Like, at the Apache front-end level :
<Location /tomcat1/are_you_there>
---> proxy to http://tomcat1:8080/imthere.html
</Location>
<Location /tomcat2/are_you_there>
---> proxy to http://tomcat2:8081/imtheretoo.html
</Location>
Seemed pretty clever to me, as a quick solution. ;-)
Maybe due to my lack of knowledge, but I don't really see where the
overkill would be.
--adam
André Warnier wrote:
Adam Gordon wrote:
We're running two Tomcat (5.5.16) instances in a load-balanced
capacity behind an Apache server (2.0.55 w/ mod j/k 1.2.14).
We'd like to set up some sort of monitoring that would allow us
to not just check to see if the Tomcat Java processes are still
running (that's easy) but to actually connect to each web server
(either independently or via the load-balancer) and verify that
a certain page can be returned.
Since we're connecting to Tomcat via an Apache load-balancer, we
don't know of a way to force the load-balancer to go to a
certain Tomcat instance. Additionally, we don't know how to
speak mod j/k so we can't fake a direct connection to each
Tomcat instance.
Does anyone know of a way or a product (commercial or open-
source) to achieve this?
I don't think you would need a special product to do that, open
source or not.
On your Apache front-end, it would probably be easy to set up a
proxy, which via simple HTTP would proxy just the links you want
to either one of your back-end Tomcat HTTP ports.

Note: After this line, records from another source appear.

Lemma first_descent_uniq f i j : first_descent f i -> first_descent f j -> i = j.
Proof.
wlog lt_ij : i j / i < j.
  move=> W desc_i desc_j; case: (ltngtP i j) => [lt_ij|lt_ji|//].
  - exact: W.
  - by rewrite (W j i).
case/andP=> _ desc_i /andP[/incr_prefixP f_incr _].
by rewrite ltnNge (ltnW (f_incr i i.+1 (ltnSn i) lt_ij)) in desc_i.
Qed.

(* Swapping the entries at i and i+1 undoes a nib step exactly at the sites i
   (first_descent_adj_tperm). *)
Definition nib_site f i : bool :=
  [forall k : 'I_i.+1, f k < f i.+1] && incr_prefix f i.

Lemma nib_site_comp f f' g i :
  {mono g : a b / a < b} -> (forall k, k <= i.+1 -> f' k = g (f k)) ->
  nib_site f' i = nib_site f i.
Proof.
move=> g_mono f'E.
rewrite /nib_site (@incr_prefix_comp f f' g) // => [|k lt_ki]; last first.
  by rewrite f'E // ltnW // ltnW.
congr (_ && _); apply: eq_forallb => k.
by rewrite !f'E ?g_mono // ltnW.
Qed.

End IncreasingPrefix.

Lemma ltn_bump2 h i j : (bump h i < bump h j) = (i < j).
Proof. by rewrite !ltnNge leq_bump2. Qed.

Lemma perm_homo_ltn_eq1 n (s : 'S_n) : {homo s : a b / a < b} -> s = 1%g.
Proof.
have le_perm (t : 'S_n) : {homo t : a b / a < b} -> forall a : 'I_n, a <= t a.
  move=> t_incr [a lt_an]; elim: a lt_an => [//|a IH] lt_an.
  by apply: leq_ltn_trans (IH (ltnW lt_an)) (t_incr _ _ _).
move=> s_incr.
have sV_incr : {homo (s^-1)%g : a b / a < b}.
  move=> a b lt_ab; rewrite ltnNge leq_eqVlt negb_or.
  apply/andP; split.
    by rewrite (inj_eq val_inj) (inj_eq perm_inj) eq_sym neq_ltn lt_ab.
  by apply/negP => /s_incr; rewrite !permKV ltnNge ltnW.
apply/permP => a; apply/val_inj/eqP; rewrite perm1 eqn_leq le_perm // andbT.
by have := le_perm _ sV_incr (s a); rewrite permK.
Qed.

Section Entries.

Variable m : nat.
Implicit Types s p : 'S_m.+1.

(* One-line notation, positions and values counted from 0; junk for k > m. *)
Definition entry s k : nat := s (inord k).

Lemma entryE s (x : 'I_m.+1) : entry s x = s x.
Proof. by rewrite /entry inord_val. Qed.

You would need the HTTP Connector active on each Tomcat, but that
should already be the case by default.
Someone better versed in Apache mod_proxy could help you there.
Maybe try the list at [EMAIL PROTECTED] if you don't get
more help here.
Of course, if you can access your Tomcats directly through their
own HTTP ports, then you don't even need that. I'm just assuming
you cannot.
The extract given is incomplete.